Lemma vanish_fromS_sub k (kn : (k < n)%N) (h : 'cV[R]_n) :
  vanish_from k.+1 h ->
  vanish_from k (h - h (Ordinal kn) 0 *: delta_mx (Ordinal kn) 0).
Proof.
move=> Wh i ki; rewrite !mxE.
have [->|ne] := eqVneq i (Ordinal kn); first by rewrite !eqxx mulr1 subrr.
rewrite /= mulr0 subr0; apply: Wh; rewrite ltn_neqAle ki andbT.
by move: ne; apply: contra => /eqP E; apply/eqP/val_inj; rewrite /= E.
Qed.

Lemma dominated_extension_step k (kn : (k < n)%N) (s : 'cV[R]_n) :
  (forall w, vanish_from k w -> inner s w <= q w) ->
  exists s', forall w, vanish_from k.+1 w -> inner s' w <= q w.
Proof.
move=> dom; set i0 := Ordinal kn; set e : 'cV[R]_n := delta_mx i0 0.
have W0 : vanish_from k (0 : 'cV[R]_n) by move=> i _; rewrite mxE.
pose lower r := exists w (u : R),
  [/\ vanish_from k w, 0 < u & r = (inner s w - q (w - u *: e)) / u].
pose upper r := exists w (t : R),
  [/\ vanish_from k w, 0 < t & r = (q (w + t *: e) - inner s w) / t].
have [c [cL cU]] : exists c, ubound lower c /\ lbound upper c.
  apply: exists_between; [by eexists; exists 0, 1 | by eexists; exists 0, 1 |].
  move=> _ _ [w [u [Ww u0 ->]]] [w2 [t [Ww2 t0 ->]]].
  exact: (chord_slope_le e dom Ww Ww2 u0 t0).
exists (s + (c - inner s e) *: e) => h Wh.
set t := h i0 0; set w := h - t *: e.
have Ww : vanish_from k w := vanish_fromS_sub kn Wh.
have -> : h = w + t *: e by rewrite subrK.
clearbody w t.
have iew : inner e w = 0 by rewrite inner_deltal; apply: Ww.
have iee : inner e e = 1 by rewrite inner_deltal mxE !eqxx.
have -> : inner (s + (c - inner s e) *: e) (w + t *: e) = inner s w + t * c.
  by rewrite innerDl !innerDr !innerZl !innerZr iew iee; ring.
case: (ltgtP t 0) => [tn|tp|->].
- have : (inner s w - q (w - (- t) *: e)) / (- t) <= c.
    by apply: cL; exists w, (- t); split; rewrite ?oppr_gt0.
  by rewrite scaleNr opprK ler_pdivrMr ?oppr_gt0 //; lra.
- have : c <= (q (w + t *: e) - inner s w) / t by apply: cU; exists w, t.
  by rewrite ler_pdivlMr //; lra.
- by rewrite mul0r addr0 scale0r addr0; exact: dom.
Qed.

What is required: Once you have counted the lines of the data that contain the word "pose", please reply with that number alone.

Response to the task: 2